With the endless streams of information offered to consumers online, two trends are clearly emerging: searchers are looking for more specific answers, and they trust word-of-web recommendations from friends on social sites. With this in mind, marketers may be interested in Ask.com’s latest move, which aims to set the search portal apart with a Q&A format that lets trusted users determine the most relevant results.

The search portal announced this week that it has launched its public beta for the updated Ask.com, combining its “proprietary answer technology” with human insight from its 87 million unique users. Its revised Q&A format seems to respond to existing consumer behaviors. Hitwise data shows that consumers are increasingly using longer key phrases to tailor their searches, with five-, six- and seven-word queries rising in percentage in June 2010. At the same time, Foresee results indicate user-generated content on social sites Wikipedia and Facebook are valued information for 15 and 16 percent of U.S. consumers, respectively. The revamped Ask.com lets searchers looking for specific answers throw a question mark at the end of lengthy queries and get most relevant results from fellow users.

Tony Gentile, Ask.com’s senior vice president of products, explains that the company is launching the public beta after carefully perfecting the portal to ensure high-quality answers are displayed at the top of the page.
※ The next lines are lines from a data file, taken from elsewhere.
Lemma card_S2_extremal_le [A : {fset int}] : extremal A -> (#|` S2 A| + 4 <= 2 * #|` A|)%N.
Proof.
case=> [|[|[|[]]]].
- case=> c [d [d_gt0 [cd ->]]].
  rewrite card_fset3; try lia.
  by have := fsubset_leq_card (restricted_sumset2_sym_pair_and_one c d); rewrite cardfs2; lia.
- case=> c [d [c_gt0 [d_gt0 [cd ->]]]].
  rewrite card_fset4; try lia.
  have := fsubset_leq_card (restricted_sumset2_two_sym_pairs c d).
  by move/leq_trans/(_ (card_fset4_le _ _ _ _)); lia.
- case=> c [d [d_gt0 [c0 [c2d [cN2d ->]]]]].
  rewrite card_fset4; try lia.
  have := fsubset_leq_card (restricted_sumset2_sym_pair_and_shift c d).
  by move/leq_trans/(_ (card_fset4_le _ _ _ _)); lia.
- case=> d [s [t [d0 [s1 [t1 [ts ->]]]]]]; have st : s <= t by lia.
  rewrite card_ap_set //.
  have sub : S2 (ap_set d s t) `<=` ap_set d (2 * s + 1) (2 * t - 1).
    apply/fsubsetP => _ /restricted_sumset2P [u [v [/(mem_ap_set st) [r1 r1st ->]
      /(mem_ap_set st) [r2 r2st ->] uv _ ->]]].
    apply/mem_ap_set; first lia.
    by exists (r1 + r2); rewrite ?mulrDl //; move: uv; rewrite (inj_eq (mulIf d0)); lia.
  have bnd : 2 * s + 1 <= 0 <= 2 * t - 1 by lia.
  by have := card_S2_le_ap_set d0 bnd sub; lia.
- case=> d [s [t [d0 [s0 [t1 [ts ->]]]]]]; have st : s <= t by lia.
  rewrite card_odd_ap_set //.
  have d2 : 2 * d != 0 by lia.
  have sub : S2 (odd_ap_set d s t) `<=` ap_set (2 * d) (2 * s) (2 * t - 2).
    apply/fsubsetP => _ /restricted_sumset2P [u [v [/(mem_odd_ap_set st) [r1 r1st ->]
      /(mem_odd_ap_set st) [r2 r2st ->] uv _ ->]]].
    apply/mem_ap_set; first lia.
    exists (r1 + r2 - 1); last by rewrite mulrA [_ * 2]mulrC -!mulrDl; congr (_ * _); lia.
    by move: uv; rewrite (inj_eq (mulIf d0)); lia.
  have bnd : 2 * s <= 0 <= 2 * t - 2 by lia.
  by have := card_S2_le_ap_set d2 bnd sub; lia.
Qed.

(** * Extending an extremal set by a new maximum *)

Section RangeExtension.

Variables (f : int -> int) (s t x : int).
Hypotheses (f_mono : {mono f : p q / p <= q})
           (f_add : forall p q r, f p + f q = f (p + q - r) + f r).
Hypotheses (st : s + 2 < t) (xR : x \notin int_range_image f s t)
           (x_max : {in int_range_image f s t, forall a, `|a| <= x})
           (cov : shifts_covered (int_range_image f s t) x).

Lemma int_range_image_extend : x |` int_range_image f s t = int_range_image f s (t + 1).
Proof.
have [st' st1] : s <= t /\ s <= t + 1 by lia.
have f_lt : {mono f : p q / p < q} := leW_mono f_mono.
have mem r : s <= r <= t -> f r \in int_range_image f s t.
  by move=> rst; apply/(mem_int_range_image st'); exists r.
have /x_max fs_le := mem s ltac:(lia); have /x_max ft_le := mem t ltac:(lia).
have ft_lt : f t < x.
  rewrite lt_neqAle (le_trans (ler_norm _) ft_le) andbT.
  by apply: contraNneq xR => <-; apply: mem; lia.
have ft2 : - x < f (t - 2).
  by apply: le_lt_trans (_ : f s < _); [move: fs_le; lia | rewrite f_lt; lia].
have /restricted_sumset2P [_ [_ [/(mem_int_range_image st') [r1 r1st ->]
                                 /(mem_int_range_image st') [r2 r2st ->]]]] :=
  cov _ _ _ (mem (t - 2) ltac:(lia)) (mem t ltac:(lia)) (mem (t - 1) ltac:(lia))
    ltac:(by rewrite ft2 !f_lt (inj_eq (inc_inj f_mono)); lia).
rewrite (inj_eq (inc_inj f_mono)) (f_add _ _ (t - 2)) => r12 _ /addIr xE.
(* x = f (r1 + r2 - (t - 2)) > f t with r1 != r2 <= t forces r1 + r2 = 2 t - 1. *)
have {}xE : x = f (t + 1).
  have lt_t : t < r1 + r2 - (t - 2) by rewrite -f_lt -xE.
  by rewrite xE; congr f; lia.
apply/fsetP => z; rewrite in_fset1U; apply/idP/idP.
  case/orP=> [/eqP -> | /(mem_int_range_image st') [r rst ->]];
    apply/(mem_int_range_image st1); first by exists (t + 1) => //; lia.
  by exists r => //; lia.
case/(mem_int_range_image st1) => r rst ->.
have [-> | rt] := eqVneq r (t + 1); first by rewrite xE eqxx.
by rewrite mem ?orbT //; lia.
Qed.

End RangeExtension.

Lemma ap_through_zero_extend (A : {fset int}) x : ap_through_zero A ->
  x \notin A -> {in A, forall a, `|a| <= x} -> shifts_covered A x -> ap_through_zero (x |` A).
Proof.
case=> d [s [t [d0 [s1 [t1 [ts ->]]]]]].
wlog d_gt0 : d s t d0 s1 t1 ts / 0 < d.
  move=> ext; have [|d_le0] := ltrP 0 d; first exact: ext.
  by rewrite ap_set_flip; [apply: ext; rewrite ?oppr_eq0 //; lia | lia].
move=> xA x_max cov; exists d, s, (t + 1); do !split; try lia.
rewrite ap_setE int_range_image_extend //; last lia.
- by move=> p q; rewrite ler_pM2r.
- by move=> p q r; rewrite -!mulrDl subrK.
Qed.

Lemma odd_multiples_ap_extend (A : {fset int}) x : odd_multiples_ap A ->
  x \notin A -> {in A, forall a, `|a| <= x} -> shifts_covered A x -> odd_multiples_ap (x |` A).
Proof.
case=> d [s [t [d0 [s0 [t1 [ts ->]]]]]].
wlog d_gt0 : d s t d0 s0 t1 ts / 0 < d.
  move=> ext; have [|d_le0] := ltrP 0 d; first exact: ext.
  by rewrite odd_ap_set_flip; [apply: ext; rewrite ?oppr_eq0 //; lia | lia].
move=> xA x_max cov; exists d, s, (t + 1); do !split; try lia.
rewrite odd_ap_setE int_range_image_extend //; last lia.
- by move=> p q; rewrite ler_pM2r //; lia.
- by move=> p q r; rewrite -!mulrDl; congr (_ * _); lia.
Qed.

Lemma sym_pair_and_one_extend (A : {fset int}) x : sym_pair_and_one A ->
  x \notin A -> {in A, forall a, `|a| <= x} -> shifts_covered A x -> extremal (x |` A).
Proof.
case=> c [d [d_gt0 [cd ->]]] xA x_max cov.
set F := [fset c; d; - d].
have [cA dA dNA] : [/\ c \in F, d \in F & - d \in F] by rewrite !inE !eqxx ?orbT.
have := x_max _ cA; have := x_max _ dA; move: xA; rewrite !inE => xA dx cx.
have sub := restricted_sumset2_sym_pair_and_one c d.
have [cE | cNx] := eqVneq c (- x).
  right; left; exists x, d; do !split; try lia.
  by apply/fsetP => z; rewrite /F cE !inE; clear; apply/idP/idP; lia.
have [c_lt | c_ge] := ltrP c (- d).
  by have := covered_shift_mem sub cov cA dA dNA ltac:(lia); rewrite !inE; lia.
have := covered_shift_mem sub cov dNA dA cA ltac:(lia); rewrite !inE => xE.
have {xE} xE : x = c + 2 * d by lia.
right; right; left; exists (c + d), d; do !split; try lia.
by apply/fsetP => z; rewrite /F xE !inE; clear; apply/idP/idP; lia.
Qed.

Lemma two_sym_pairs_extend (A : {fset int}) x : two_sym_pairs A ->
  x \notin A -> {in A, forall a, `|a| <= x} -> shifts_covered A x -> extremal (x |` A).
Proof.
case=> c [d [c_gt0 [d_gt0 [cd ->]]]] xA x_max cov.
set F := [fset c; - c; d; - d].
have [cA cNA dA dNA] : [/\ c \in F, - c \in F, d \in F & - d \in F].
  by rewrite !inE !eqxx ?orbT.
have := x_max _ cA; have := x_max _ dA; move: xA; rewrite !inE => xA dx cx.
have sub := restricted_sumset2_two_sym_pairs c d.
have := covered_shift_mem sub cov cNA cA dA ltac:(lia).
have := covered_shift_mem sub cov dNA cA dA ltac:(lia).
rewrite !inE => xd xc.
have {xd} xd : x = 2 * d + c \/ x = 2 * d - c by lia.
have {xc} xc : x = 2 * c + d \/ x = 2 * c - d by lia.
have [m [m_gt0 [xE [[cE dE] | [cE dE]]]]] : exists m, 0 < m /\ x = 5 * m /\
    (c = m /\ d = 3 * m \/ c = 3 * m /\ d = m).
  by have [cd_lt | dc_lt] := ltrP c d; [exists c | exists d]; lia.
all: do 4 right; exists m, (-1), 3; do !split; try lia.
all: rewrite odd_ap_setE int_range_image5 // /F xE cE dE.
all: by apply/fsetP => z; rewrite !inE; clear; apply/idP/idP; lia.
Qed.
In the company’s blog, he writes that Ask.com has the largest index of questions and matched answers, drawing from hundreds and thousands of web sources. Additionally, he says the site’s social element has been expanded to gather information about users’ expertise so the right people will be asked to answer community members’ questions.

Ask.com is not the only search engine that sees value in Q&A formats to give relevant, social results to discerning users. Current leaders of the search market all offer some form of social search – such as Google’s Aardvark or Yahoo Answers. Moreover, even standard searches on search engine giants seem to deliver many of the same results as Ask.com. For instance, the query, “what are the best coffee shops in Boston?” delivers generally the same top results on Ask.com, Bing, Yahoo and Google. Ask.com has a lot to prove if it wants consumers – and ad dollars – to migrate toward its “conversation” search site.